Despite being a tough year for pretty much everyone (with the possible exception of Amazon and takeaways), the Polkadot network and community is coming out of 2020 with the wind very much behind its sails. So now that we’ve reached the end of 2020, for better or worse, let’s have a roundup of what we achieved and what we’re planning to do over the course of 2021…
I tend to start these roundups with a few statistics, and this year seems no exception. Development has continued apace, with the Rust codebase standing at well in excess of half a million lines of code. Around half of the 577 kLOC total is in the Substrate repository, which itself has now been forked by more than 1,000 Github users and has collected 3,515 stars from developers across the world. That code has been added in almost 5,000 separate improvements over the 3 years it has been in existence. Over 2,600 developers sit in the Substrate Technical channel, nearly tripling from less than 1,000 at the beginning of the year.

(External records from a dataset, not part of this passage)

(* Let $n\geq 1$. Let $T_n$ be the set of triply rooted trees on $[n]=\{1,\dots,n\}$, and let $Q_n$ be the set of triples $(D,D',D'')$ of doubly rooted trees such that the vertex sets of $D$, $D'$, $D''$ form a composition of $[n]$ and $D$ is nonempty. Then there is a bijection between $Q_n$ and $T_n$.
   Context: A doubly rooted tree on a finite set $S$ is a labeled tree with vertex set $S$ together with two distinguished vertices $r_1$ (the first root) and $r_2$ (the second root), not necessarily distinct. A triply rooted tree on $S$ is a labeled tree with vertex set $S$ together with three distinguished vertices $r_1,r_2,r_3$ (first, second, third root), not necessarily distinct. The empty doubly rooted tree (on the empty vertex set) is allowed. A triple $(X,Y,Z)$ of subsets of a set $S$ is a composition of $S$ if $X,Y,Z$ are pairwise disjoint and $X\cup Y\cup Z=S$ (some of them may be empty). *)

From mathcomp Require Import all_boot.
Set Implicit Arguments. Unset Strict Implicit. Unset Printing Implicit Defensive.

Section Trees.
Variable n : nat.

Definition adj (E : {set {set 'I_n}}) : rel 'I_n :=
  fun x y => [set x; y] \in E.

Definition is_graph_on (S : {set 'I_n}) (E : {set {set 'I_n}}) : bool :=
  [forall e in E, (e \subset S) && (#|e| == 2)].

Definition connected_on (S : {set 'I_n}) (E : {set {set 'I_n}}) : Prop :=
  forall x y, x \in S -> y \in S -> connect (adj E) x y.

Definition acyclic (E : {set {set 'I_n}}) : Prop :=
  ~ exists s : seq 'I_n, [&& uniq s, 2 < size s & cycle (adj E) s].

(* a (labeled) tree with vertex set S and edge set E: connected acyclic graph;
   the empty vertex set gives the empty tree *)
Definition is_tree (S : {set 'I_n}) (E : {set {set 'I_n}}) : Prop :=
  [/\ is_graph_on S E, connected_on S E & acyclic E].

(* raw doubly rooted tree: (vertex set, edge set, roots (r1, r2));
   roots are None exactly for the empty tree *)
Definition DRT_raw : Type :=
  ({set 'I_n} * {set {set 'I_n}} * option ('I_n * 'I_n))%type.

Definition drt_vertices (D : DRT_raw) : {set 'I_n} := D.1.1.

Definition valid_drt (D : DRT_raw) : Prop :=
  let: (V, E, r) := D in
  is_tree V E /\
  match r with
  | None => V = set0
  | Some (r1, r2) => r1 \in V /\ r2 \in V
  end.

Definition Qn_pred (q : DRT_raw * DRT_raw * DRT_raw) : Prop :=
  let: (D, D', D'') := q in
  [/\ valid_drt D, valid_drt D', valid_drt D'',
      [/\ [disjoint drt_vertices D & drt_vertices D'],
          [disjoint drt_vertices D & drt_vertices D''],
          [disjoint drt_vertices D' & drt_vertices D''] &
          drt_vertices D :|: drt_vertices D' :|: drt_vertices D'' = [set: 'I_n]]
      & drt_vertices D != set0].

Definition Qn : Type := {q : DRT_raw * DRT_raw * DRT_raw | Qn_pred q}.

Definition Tn : Type :=
  {t : {set {set 'I_n}} * 'I_n * 'I_n * 'I_n | is_tree [set: 'I_n] t.1.1.1}.

End Trees.

From mathcomp Require Import all_boot zify.
From Stdlib Require Import ProofIrrelevance.
Set Implicit Arguments. Unset Strict Implicit. Unset Printing Implicit Defensive.

(* Given (D, D', D'') with D rooted at (a1, a2), hang D' and D'' from a1, each by an
   edge from a1 to its second root.  This yields a tree on [n] rooted at the first
   roots of D' and D'' (a1 for an empty one) and a2.  Conversely, a1 is the median of
   these three roots: the only vertex whose removal separates them pairwise.  So a1
   is recovered from the tree, D' and D'' are the components of the tree minus a1
   that contain the first two roots, and D is what remains. *)

Section Connect.
Variables (T : finType) (e e' : rel T).

Lemma connect_preserved (P : T -> Prop) x y :
  (forall a b, P a -> e a b -> P b) -> P x -> connect e x y -> P y.
Proof.
move=> eP Px /connectP [p ep ->]; elim: p x Px ep => //= z p IHp x Px /andP [exz ep].
exact: IHp (eP _ _ Px exz) ep.
Qed.

Lemma connect_sub_on (P : T -> Prop) x y :
  (forall a b, P a -> e a b -> P b /\ e' a b) -> P x -> connect e x y -> connect e' x y.
Proof.
move=> ee' Px cxy.
suff [] : P y /\ connect e' x y by [].
apply: (connect_preserved (P := fun z => P z /\ connect e' x z)) cxy; last first.
  by split; last exact: connect0.
move=> a b [Pa cxa] eab; have [Pb e'ab] := ee' a b Pa eab.
by split; last exact: connect_trans cxa (connect1 e'ab).
Qed.

Lemma connect_mono : subrel e e' -> subrel (connect e) (connect e').
Proof. by move=> ee'; apply: connect_sub => a b /ee' /connect1. Qed.

End Connect.

Lemma connect_homo (T T' : finType) (e : rel T) (e' : rel T') (f : T -> T') x y :
  (forall a b, e a b -> f a = f b \/ e' (f a) (f b)) ->
  connect e x y -> connect e' (f x) (f y).
Proof.
move=> ef; apply: (connect_preserved (P := fun z => connect e' (f x) (f z))).
  by move=> a b cxa /ef [<- | /connect1 /(connect_trans cxa)].
exact: connect0.
Qed.

Section Graphs.
Variable n : nat.
Implicit Types (E F : {set {set 'I_n}}) (S C V : {set 'I_n}) (m r w : 'I_n).

Definition avoid E (w : 'I_n) := [set e in E | w \notin e].
Definition induced E S := [set e in E | e \subset S].

Lemma adj_sym E : symmetric (adj E).
Proof. by move=> x y; rewrite /adj setUC. Qed.

Lemma connect_adjC E x y : connect (adj E) x y = connect (adj E) y x.
Proof. exact: sym_connect_sym (adj_sym E) x y. Qed.

Lemma adj_mono E F : E \subset F -> subrel (adj E) (adj F).
Proof. by move=> sEF x y; apply: (subsetP sEF). Qed.
Definition contract (n : nat) (E : rel (option 'I_(n - 3)))
  (L : 'I_n -> option 'I_(n - 3)) (a : 'I_(n - 3)) : Cover n :=
  (fun v w => E (Some v) (Some w) || ((v == a) && E None (Some w) && (w != a))
                                  || ((w == a) && E None (Some v) && (v != a)),
   fun i => odflt a (L i)).

Definition same_cover (n : nat) (C D : Cover n) : Prop :=
  (forall v w, C.1 v w = D.1 v w) /\ (forall i, C.2 i = D.2 i).

Definition H1_edge (R : realFieldType) (n : nat) (x : 'I_n -> int)
  (p : 'I_(n - 3) -> R) (C D : Cover n) : Prop :=
  vertex_type_cover x C /\ vertex_type_cover x D /\
  exists E L (a b : 'I_(n - 3)),
    cell_ok x p E L /\ a != b /\ E None (Some a) /\ E None (Some b) /\
    same_cover (contract E L a) C /\ same_cover (contract E L b) D.

Definition H1_connected (R : realFieldType) (n : nat) (x : 'I_n -> int)
  (p : 'I_(n - 3) -> R) (C D : Cover n) : Prop :=
  clos_refl_trans (Cover n) (fun C D => same_cover C D \/ H1_edge x p C D) C D.

From HB Require Import structures.
From mathcomp Require Import all_boot all_order all_algebra.
From mathcomp Require Import zify.
From Stdlib Require Import Relations FunctionalExtensionality.
Import Order.TTheory GRing.Theory Num.Theory.
Set Implicit Arguments. Unset Strict Implicit. Unset Printing Implicit Defensive.

(* The bounded edges of a chain cover form the path 0 - 1 - ... - (n-4), so the cover is
   fixed by the vertex l i carrying each leaf i.  Moving one leaf k from a vertex t to t + 1
   between two chain covers is realised by an edge of H~_1(x, p): its cell has an extra
   trivalent vertex carrying k alone, placed between p_t and p_(t+1), and contracting either
   of its bounded edges gives back the two covers.  It thus suffices to join any two admissible
   leaf maps by such moves.  Order the leaves by (x_i, i).  Moving the largest leaf of the
   four-valent vertex one step right, or its smallest leaf one step left, keeps every edge
   pointing right and creates no inversion of this order; such moves remove any inversion,
   and then push the four-valent vertex to the last vertex.  An inversion-free leaf map is
   determined by its leaf counts, which fix how many leaves sit at vertices <= u. *)

#[local] Arguments rst_step {A R x y}.
#[local] Arguments rst_sym {A R x y}.
#[local] Arguments rst_trans {A R x y z}.
#[local] Arguments rt_step {A R x y}.
#[local] Arguments rt_trans {A R x y z}.

Lemma card_edge_set (V : finType) (e : rel V) :
  #|[set q : V * V | e q.1 q.2]| = \sum_v #|[set w | e v w]|.
Proof.
rewrite -sum1dep_card -(pair_big_dep xpredT e (fun _ _ => 1)) /=.
by apply: eq_bigr => v _; rewrite sum1dep_card.
Qed.

Section PathGraph.
Variables (V : finType) (rank : V -> nat).
Hypothesis rank_inj : injective rank.
Hypothesis rank_lt : forall v, rank v < #|V|.

Definition path_rel : rel V := fun a b => ((rank a).+1 == rank b) || ((rank b).+1 == rank a).

Lemma rank_surj k : k < #|V| -> exists v, rank v = k.
Proof.
move=> hk; pose g v : 'I_#|V| := Ordinal (rank_lt v).
have g_inj : injective g by move=> a b /(congr1 val) /rank_inj.
have /imsetP[v _ /(congr1 val) /= ->] : Ordinal hk \in [set g v | v in V].
  have -> : [set g v | v in V] = setT.
    by apply/eqP; rewrite eqEcard subsetT /= cardsT card_ord card_imset.
  by rewrite inE.
by exists v.
Qed.

Lemma connect_rank_up (e : rel V) lo a b :
  (forall c d, rank d = (rank c).+1 -> lo <= rank c -> e c d) ->
  lo <= rank a <= rank b -> connect e a b.
Proof.
move=> he /andP[hlo hab]; have [d hd] : exists d, rank b = rank a + d.
  by exists (rank b - rank a); lia.
elim: d b hd {hab} => [|d IH] b hb; first by rewrite addn0 in hb; rewrite (rank_inj hb) connect0.
have [c hc] : exists c, rank c = rank a + d by apply: rank_surj; have := rank_lt b; lia.
by apply: connect_trans (IH c hc) (connect1 (he _ _ _ _)); lia.
Qed.

Lemma path_rel_sym : ssrbool.symmetric path_rel.
Proof. by move=> a b; rewrite /path_rel orbC. Qed.

Lemma path_rel_irr a : ~~ path_rel a a.
Proof. by rewrite /path_rel; apply/negP; lia. Qed.

Lemma connect_path_rel a b : connect path_rel a b.
Proof.
have up c d : rank c <= rank d -> connect path_rel c d.
  move=> hcd; apply: (connect_rank_up (lo := 0)) => [c' d' h _|]; last by lia.
  by rewrite /path_rel h eqxx.
case: (leqP (rank a) (rank b)) => [/up //|/ltnW /up].
by rewrite (sym_connect_sym path_rel_sym).
Qed.

Lemma connect_cut_path_rel_up v w u : rank w = (rank v).+1 ->
  connect (cut path_rel v w) w u = (rank w <= rank u).
Proof.
move=> hw; apply/idP/idP => [/connectP[q hq ->]|hu].
  suff stay a : rank w <= rank a -> path (cut path_rel v w) a q -> rank w <= rank (last a q).
    exact: stay (leqnn _) hq.
  elim: q a {hq} => [|c q IH] a //= ha /andP[hac hq]; apply: IH hq.
  move: hac; rewrite /cut /path_rel => /andP[hac]; apply: contraNleq => hc.
  have ea : rank a = rank w by case/orP: hac => /eqP; lia.
  have ec : rank c = rank v by case/orP: hac => /eqP; lia.
  by rewrite (rank_inj ea) (rank_inj ec) !eqxx orbT.
apply: (connect_rank_up (lo := rank w)) => [c d hcd hc|]; last by rewrite leqnn.
rewrite /cut /path_rel hcd eqxx /=; apply/negP; case/orP=> /andP[/eqP ec /eqP ed].
  by move: hc; rewrite ec hw; lia.
by move: hcd; rewrite ec ed hw; lia.
Qed.

Lemma card_rank_eq k : #|[set w | rank w == k]| = (k < #|V|).
Proof.
case: ltnP => hk.
  have [v hv] := rank_surj hk.
  suff -> : [set w | rank w == k] = [set v] by rewrite cards1.
  by apply/setP=> w; rewrite !inE -hv (inj_eq rank_inj).
apply/eqP; rewrite cards_eq0; apply/eqP/setP=> w; rewrite !inE.
by apply/negbTE/eqP; have := rank_lt w; lia.
Qed.

Lemma card_path_rel_nbrs v :
  #|[set w | path_rel v w]| = (0 < rank v) + ((rank v).+1 < #|V|).
Proof.
have -> : [set w | path_rel v w] =
          [set w | rank w == (rank v).+1] :|: [set w | rank w == (rank v).-1 & 0 < rank v].
  by apply/setP=> w; rewrite !inE /path_rel eq_sym; apply/orP/orP; case=> /eqP ?; lia.
rewrite cardsU card_rank_eq.
have -> : [set w | rank w == (rank v).+1] :&: [set w | rank w == (rank v).-1 & 0 < rank v] = set0.
  by apply/setP=> w; rewrite !inE; apply/negbTE/negP; lia.
rewrite cards0 subn0 addnC; congr (_ + _); case: (posnP (rank v)) => [->|hv].
  by apply/eqP; rewrite cards_eq0; apply/eqP/setP=> w; rewrite !inE andbF.
transitivity #|[set w | rank w == (rank v).-1]|.
  by apply: eq_card => w; rewrite !inE andbT.
by rewrite card_rank_eq; have := rank_lt v; lia.
Qed.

Over 2020, more than 200 projects have been funded between the grants programmes and treasuries. Since launching with governance a few short months ago, Polkadot’s treasury has funded 23 proposals to a total of 118,465.63 DOT. In Kusama’s year or so of being live, its treasury meanwhile has funded 40 proposals awarding a total of 62,222.92 KSM. This is all in addition to the $4.1m granted to 145 proposals done as part of Web3 Foundation’s ongoing grants programme. And of course there are a growing number of ecosystem funds centred around Polkadot ready to support great projects.
At time of writing, of the 1.02bn DOT which exist within Polkadot, 63% are locked into the staking system. Polkadot became the number one network for staking by value staked in its six short months of existence. A further 10.4m DOT sits in the Polkadot treasury ready to be spent on great proposals, and this is set to increase at around 1.6m DOT each year, funded from part of Polkadot’s 10% annual token-base minting rate.
Though there have been many launches within our ecosystem during 2020, surely the most notable is that of Polkadot itself, happening in a smooth and staged rollout. In May, we rolled out the Polkadot launch roadmap to kick off what was to come, along with the first episode of “Polkadot: Behind the Code,” recounting how we got there. Beginning with the claims process (for original participants), then following with the genesis block of a permissioned PoA network, Polkadot evolved into an NPoS network and became first unpermissioned, and later a transferable token by decentralised vote.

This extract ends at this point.